The companies have been trying to get the mitigation measures lifted. They had argued that the measures imposed by FERC are out of proportion to the market power risks from imbalance energy, because of the small amount of load served by imbalance. They also said they have no incentive to exercise market power because they are large consumers of imbalance energy and would lose money if prices are too high.

But FERC cited market power concerns in May 2016 when it denied a request by NVE and PacifiCorp to rehear a previous decision that prohibited the two companies’ generating units from offering energy into the EIM at prices above default energy bids. (See Berkshire Denied Rehearing on EIM Market Power.)

Growth in EIM Transfer Capacity Has Increased Market Competitiveness, Monitor Says | CAISO Department of Market Monitoring

An economist with the Market Monitor said late last year that increased transfer capacity in the EIM is limiting congestion and reducing participants’ ability to use market power in their balancing authority areas. (See Increased Transfer Capacity Reducing EIM Congestion.)
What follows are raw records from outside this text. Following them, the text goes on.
(* Let $s\ge 2$ and $t\ge 0$ be integers, and let $S=\{1+j(2t+4),\ 2t+3+j(2t+4) : 0\le j\le 2^{s-2}-1\}$, i.e. $S=\{1,\,2t+3,\,2t+5,\,4t+7,\dots,\,1+(2^{s-2}-1)(2t+4),\,2t+3+(2^{s-2}-1)(2t+4)\}$. Then $\chi_{la}(C_{2^s(t+2)}(S))=3$, where $C_{2^s(t+2)}(S)$ is the circulant graph with connection set $S$.
   Context: For an integer $n\ge 3$ and a set $S$ of integers, the circulant graph $C_n(S)$ has vertex set $\mathbb Z_n$, with distinct $u,v$ adjacent iff $u-v\equiv \pm a\pmod n$ for some $a\in S$. For a connected graph $G=(V,E)$ with $q=|E|$, a local antimagic labeling is a bijection $f:E\to\{1,\dots,q\}$ such that adjacent vertices $x,y$ satisfy $f^+(x)\ne f^+(y)$, where $f^+(x)=\sum f(e)$ over edges $e$ incident to $x$; $\chi_{la}(G)$ is the minimum number of distinct values of $f^+$ over all local antimagic labelings of $G$. *)

From mathcomp Require Import all_boot.
Set Implicit Arguments. Unset Strict Implicit. Unset Printing Implicit Defensive.

Definition circ_adj (n : nat) (S : seq nat) (u v : 'I_n) : bool :=
  (u != v) &&
  has (fun a => ((u + n - v) %% n == a %% n) || ((v + n - u) %% n == a %% n)) S.

Definition circ_edges (n : nat) (S : seq nat) : {set {set 'I_n}} :=
  [set e : {set 'I_n} | [exists u : 'I_n, exists v : 'I_n,
     circ_adj S u v && (e == [set u; v])]].

Definition vsum (n : nat) (S : seq nat) (f : {set 'I_n} -> nat) (x : 'I_n) : nat :=
  \sum_(e in circ_edges n S | x \in e) f e.

Definition local_antimagic (n : nat) (S : seq nat) (f : {set 'I_n} -> nat) : Prop :=
  perm_eq [seq f e | e <- enum (circ_edges n S)] (iota 1 #|circ_edges n S|) /\
  (forall x y : 'I_n, circ_adj S x y -> vsum S f x != vsum S f y).

Definition num_vsums (n : nat) (S : seq nat) (f : {set 'I_n} -> nat) : nat :=
  size (undup [seq vsum S f x | x <- enum 'I_n]).

Definition chi_la_is (n : nat) (S : seq nat) (k : nat) : Prop :=
  (exists f : {set 'I_n} -> nat, local_antimagic S f /\ num_vsums S f = k) /\
  (forall f : {set 'I_n} -> nat, local_antimagic S f -> k <= num_vsums S f).

Definition conn_set (s t : nat) : seq nat :=
  flatten [seq [:: 1 + j * (2 * t + 4); 2 * t + 3 + j * (2 * t + 4)]
          | j <- iota 0 (2 ^ (s - 2))].

From mathcomp Require Import all_boot zify.

(* Put m = 2t+4 and k = 2^(s-1), so that n = k m.  Every element of S is
   +-1 modulo m, and S together with -S contains every residue below n that
   is +-1 modulo m; hence u ~ v iff u = v +- 1 (mod m): the graph is the cycle
   C_m with each vertex blown up into k independent vertices, and it is
   2k-regular.

   In a regular graph a local antimagic labeling never has only two vertex
   sums: the vertices carrying the first sum meet every edge exactly once, so
   both colour classes have total vertex sum equal to the sum of all labels
   and, by regularity, the same size, which forces the two sums to agree.

   Three sums are achieved by labelling the edge from vertex a of class c to
   vertex b of class c+1 with 1 + k^2 zigzag(c) + R_c(a, b).  Here zigzag is a
   permutation of Z_m such that zigzag(c) + zigzag(c-1) only takes the values
   m/2, m-1, m, and differs on consecutive classes; R_c is one of two
   enumerations of the k x k grid, chosen by the parity of c, such that a row
   sum of one plus a column sum of the other is constant. *)

Lemma sum_transversal (T : finType) (E : {set {set T}}) (A : {set T})
    (g : {set T} -> nat) :
  (forall e, e \in E -> #|e :&: A| = 1) ->
  \sum_(x in A) \sum_(e in E | x \in e) g e = \sum_(e in E) g e.
Proof.
move=> EA; rewrite (exchange_big_dep (mem E)) /=; last by move=> x e _ /andP [].
apply: eq_bigr => e eE; rewrite (eq_bigl (mem (e :&: A))) ?sum_nat_const ?EA ?mul1n //.
by move=> x; rewrite !inE eE andbC.
Qed.

Lemma cards2I_eq1 (T : finType) (A : {set T}) x y :
  (x \in A) = (y \notin A) -> #|[set x; y] :&: A| = 1.
Proof.
wlog xA : x y / x \in A.
  move=> wlog_xA xyA; case xA: (x \in A); first exact: wlog_xA.
  have yA : y \in A by rewrite -[y \in A]negbK -xyA xA.
  by rewrite setUC; apply: wlog_xA; rewrite // xA yA.
move=> xyA; suff -> : [set x; y] :&: A = [set x] by rewrite cards1.
apply/setP => z; rewrite !inE; case: (eqVneq z x) => [->|_] //=.
by case: (eqVneq z y) => [->|]; rewrite // -[y \in A]negbK -xyA xA.
Qed.

Lemma circ_adj_sym n S (u v : 'I_n) : circ_adj S u v = circ_adj S v u.
Proof.
by rewrite /circ_adj eq_sym; congr (_ && _); apply: eq_has => a; apply: orbC.
Qed.

Lemma sum_vsum_cut {n S} {A : {set 'I_n}} (g : {set 'I_n} -> nat) :
    (forall x y : 'I_n, circ_adj S x y -> (x \in A) = (y \notin A)) ->
  \sum_(x in A) vsum S g x = \sum_(e in circ_edges n S) g e.
Proof.
move=> cutA; apply: sum_transversal => e.
by rewrite inE => /existsP [x /existsP [y /andP [xy /eqP ->]]]; apply/cards2I_eq1/cutA.
Qed.

Lemma three_le_num_vsums_regular n S d (f : {set 'I_n} -> nat) (u v : 'I_n) :
    (forall x : 'I_n, #|[set e in circ_edges n S | x \in e]| = d) ->
  circ_adj S u v -> local_antimagic S f -> 3 <= num_vsums S f.
Proof.
move=> regular uv [_ antimagic]; have fuv := antimagic u v uv.
have fvu : (vsum S f v == vsum S f u) = false by rewrite eq_sym (negbTE fuv).
rewrite leqNgt; apply/negP => two_vals.
have vsum2 x : (vsum S f x == vsum S f u) || (vsum S f x == vsum S f v).
  apply: contraT; rewrite negb_or => /andP [xu xv].
  suff : 3 <= num_vsums S f by rewrite leqNgt two_vals.
  apply: (uniq_leq_size (s1 := [:: vsum S f u; vsum S f v; vsum S f x])).
    by rewrite /= !inE !negb_or fuv eq_sym xu eq_sym xv.
  by move=> y; rewrite !inE => /or3P [] /eqP ->; rewrite mem_undup map_f ?mem_enum.
pose A := [set x | vsum S f x == vsum S f u].
have cutA x y : circ_adj S x y -> (x \in A) = (y \notin A).
  move/antimagic; rewrite !inE.
  by case/orP: (vsum2 x) => /eqP ->; case/orP: (vsum2 y) => /eqP ->;
     rewrite ?eqxx ?fvu ?(negbTE fuv).
have cutAC x y : circ_adj S x y -> (x \in ~: A) = (y \notin ~: A).
  by move=> xy; rewrite !in_setC (cutA x y xy) negbK.
have degree x : vsum S (fun _ : {set 'I_n} => 1) x = d.
  by rewrite -(regular x) -sum1_card; apply: eq_bigl => e; rewrite inE.
have d_gt0 : 0 < d.
  rewrite -(regular u); apply/card_gt0P; exists [set u; v]; rewrite !inE eqxx andbT.
  by apply/existsP; exists u; apply/existsP; exists v; rewrite uv eqxx.
have cardA : #|A| = #|~: A|.
  apply/eqP; rewrite -(eqn_pmul2r d_gt0) -!sum_nat_const.
  rewrite -!(eq_bigr _ (fun x _ => degree x)).
  by rewrite (sum_vsum_cut _ cutA) (sum_vsum_cut _ cutAC).
have : #|A| * vsum S f u = #|~: A| * vsum S f v.
  have inA x : x \in A -> vsum S f x = vsum S f u by rewrite inE => /eqP.
  have inAC x : x \in ~: A -> vsum S f x = vsum S f v.
    by rewrite !inE; case/orP: (vsum2 x) => /eqP -> //; rewrite eqxx.
  rewrite -!sum_nat_const -(eq_bigr _ inA) -(eq_bigr _ inAC).
  by rewrite (sum_vsum_cut _ cutA) (sum_vsum_cut _ cutAC).
rewrite -cardA => /eqP; rewrite eqn_pmul2l; last by apply/card_gt0P; exists u; rewrite inE.
by rewrite (negbTE fuv).
Qed.

Definition succ_mod (m u v : nat) : bool := v == u.+1 %[mod m].

Lemma succ_mod_irr m u : 1 < m -> ~~ succ_mod m u u.
Proof.
move=> m_gt1; rewrite /succ_mod -[u in X in X == _]addn0 -addn1 eqn_modDl.
by rewrite mod0n modn_small.
Qed.

Lemma succ_mod_asym m u v : 2 < m -> succ_mod m u v -> ~~ succ_mod m v u.
Proof.
move=> m_gt2 /eqP vu; apply/negP => /eqP uv.
have : u + 0 == u + 2 %[mod m].
  by rewrite addn0 uv -addn1 -modnDml vu modnDml addn1 addn2.
by rewrite eqn_modDl mod0n modn_small.
Qed.

Lemma succ_mod_pred m u x : 0 < m -> succ_mod m u x = (u == x + m.-1 %[mod m]).
Proof.
move=> m_gt0; rewrite /succ_mod -(eqn_modDr m.-1) addSnnS prednK // modnDr.
by rewrite eq_sym.
Qed.

Lemma sum_mod_class m k c (F : nat -> nat) : c < m ->
  \sum_(w < k * m | w %% m == c) F (w %/ m) = \sum_(b < k) F b.
Proof.
move=> cm; have m_gt0 : 0 < m by apply: leq_ltn_trans cm.
rewrite -(big_mkord (fun w => w %% m == c) (fun w => F (w %/ m))) -(big_mkord xpredT).
elim: k => [|k IHk]; first by rewrite mul0n !big_geq.
rewrite mulSnr (big_cat_nat _ (leq_addr _ _)) //= IHk big_nat_recr //=; congr (_ + _).
rewrite -{1}(add0n (k * m)) big_addn addKn big_nat_cond.
rewrite (eq_bigl (fun i => (0 <= i < m) && (i == c))) -?big_nat_cond; last first.
  by move=> i /=; case im: (i < m); rewrite ?andbF //= addnC modnMDl modn_small.
by rewrite big_nat1_eq /= cm addnC divnMDl // divn_small // addn0.
Qed.

Lemma circ_diff_add n u v : u < n -> v < n -> u != v ->
  (u + n - v) %% n + (v + n - u) %% n = n.
Proof.
wlog vu : u v / v < u.
  move=> wlog_vu un vn; rewrite neq_ltn => /orP [] uv.
    by rewrite addnC (wlog_vu v u) // neq_ltn uv orbT.
  by apply: wlog_vu => //; rewrite neq_ltn uv orbT.
move=> un vn _; have -> : u + n - v = u - v + n by lia.
rewrite modnDr !modn_small; lia.
Qed.

Lemma circ_diff_mod k m x y : y <= k * m ->
  x = y + (x + k * m - y) %% (k * m) %[mod m].
Proof.
move=> yn; rewrite -modnDmr (modn_dvdm _ (dvdn_mull k (dvdnn m))) modnDmr.
by rewrite subnKC ?(leq_trans yn) ?leq_addl // addnC modnMDl.
Qed.

Lemma succ_mod_of_diff m u v a : 0 < m -> u = v + a %[mod m] ->
  (a %% m == 1) || (a %% m == m.-1) -> succ_mod m u v || succ_mod m v u.
Proof.
move=> m_gt0 uva /orP [] /eqP am.
  by rewrite /succ_mod uva -modnDmr am addn1 eqxx orbT.
by rewrite succ_mod_pred // uva -modnDmr am eqxx.
Qed.

Lemma circ_adj_succ_mod m k S (u v : 'I_(k * m)) : 2 < m ->
    (forall a, a \in S -> (a %% m == 1) || (a %% m == m.-1)) ->
    (forall d, d < k * m -> d %% m = 1 -> (d \in S) || (k * m - d \in S)) ->
  circ_adj S u v = succ_mod m u v || succ_mod m v u.
Proof.
move=> m_gt2 S_mod S_cover; have m_gt0 : 0 < m by apply: leq_trans m_gt2.
have diff_mod (x y : 'I_(k * m)) : x = y + (x + k * m - y) %% (k * m) %[mod m].
  exact/circ_diff_mod/ltnW.
have diffS (x y : 'I_(k * m)) a :
    a \in S -> (x + k * m - y) %% (k * m) = a %% (k * m) ->
  succ_mod m x y || succ_mod m y x.
  move=> aS e; apply: (succ_mod_of_diff m x y a m_gt0 _ (S_mod a aS)).
  by rewrite (diff_mod x y) e -modnDmr (modn_dvdm _ (dvdn_mull k (dvdnn m))) modnDmr.
apply/idP/idP.
  case/andP => _ /hasP [a aS /orP [] /eqP e]; first exact: diffS e.
  by rewrite orbC; exact: diffS e.
suff adj_succ (x y : 'I_(k * m)) : succ_mod m y x -> circ_adj S x y.
  by case/orP => /adj_succ; rewrite // circ_adj_sym.
move=> yx; have xy : x != y.
  by apply: contraTneq yx => ->; apply: succ_mod_irr; apply: ltnW.
set d := (x + k * m - y) %% (k * m).
have dm : d %% m = 1.
  move: yx; rewrite /succ_mod (diff_mod x y) -/d -addn1 eqn_modDl.
  by rewrite [1 %% m]modn_small ?(leq_trans _ m_gt2) // => /eqP.
have dn : d < k * m by rewrite ltn_pmod // (leq_ltn_trans _ (ltn_ord x)).
rewrite /circ_adj xy; apply/hasP; case/orP: (S_cover d dn dm) => dS.
  by exists d; rewrite // (modn_small dn) -/d eqxx.
have d_gt0 : 0 < d by move: dm; case: (d) => //; rewrite mod0n.
have d'E : (y + k * m - x) %% (k * m) = k * m - d.
  by rewrite -[in RHS](circ_diff_add _ _ _ (ltn_ord x) (ltn_ord y) xy) -/d addKn.
exists (k * m - d) => //; apply/orP; right.
by rewrite d'E modn_small ?ltn_subrL ?d_gt0 ?(leq_ltn_trans _ dn).
Qed.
FERC late last year also denied a request by NVE, PacifiCorp and 19 other Berkshire affiliates to rehear a decision prohibiting the companies from offering power at market-based rates in four neighboring balancing areas in the West, including the PacifiCorp East (PACE), PacifiCorp West (PACW), Idaho Power and NorthWestern Energy areas. The commission rebuffed the companies’ contention that an earlier ruling had denied them due process because it failed to notify them of “newly announced standards” for determining market power. (See FERC Upholds Berkshire Market-Based Rate Ruling.)

The EIM already includes the PACE and PACW areas, while Idaho Power is slated to join the market in April 2018.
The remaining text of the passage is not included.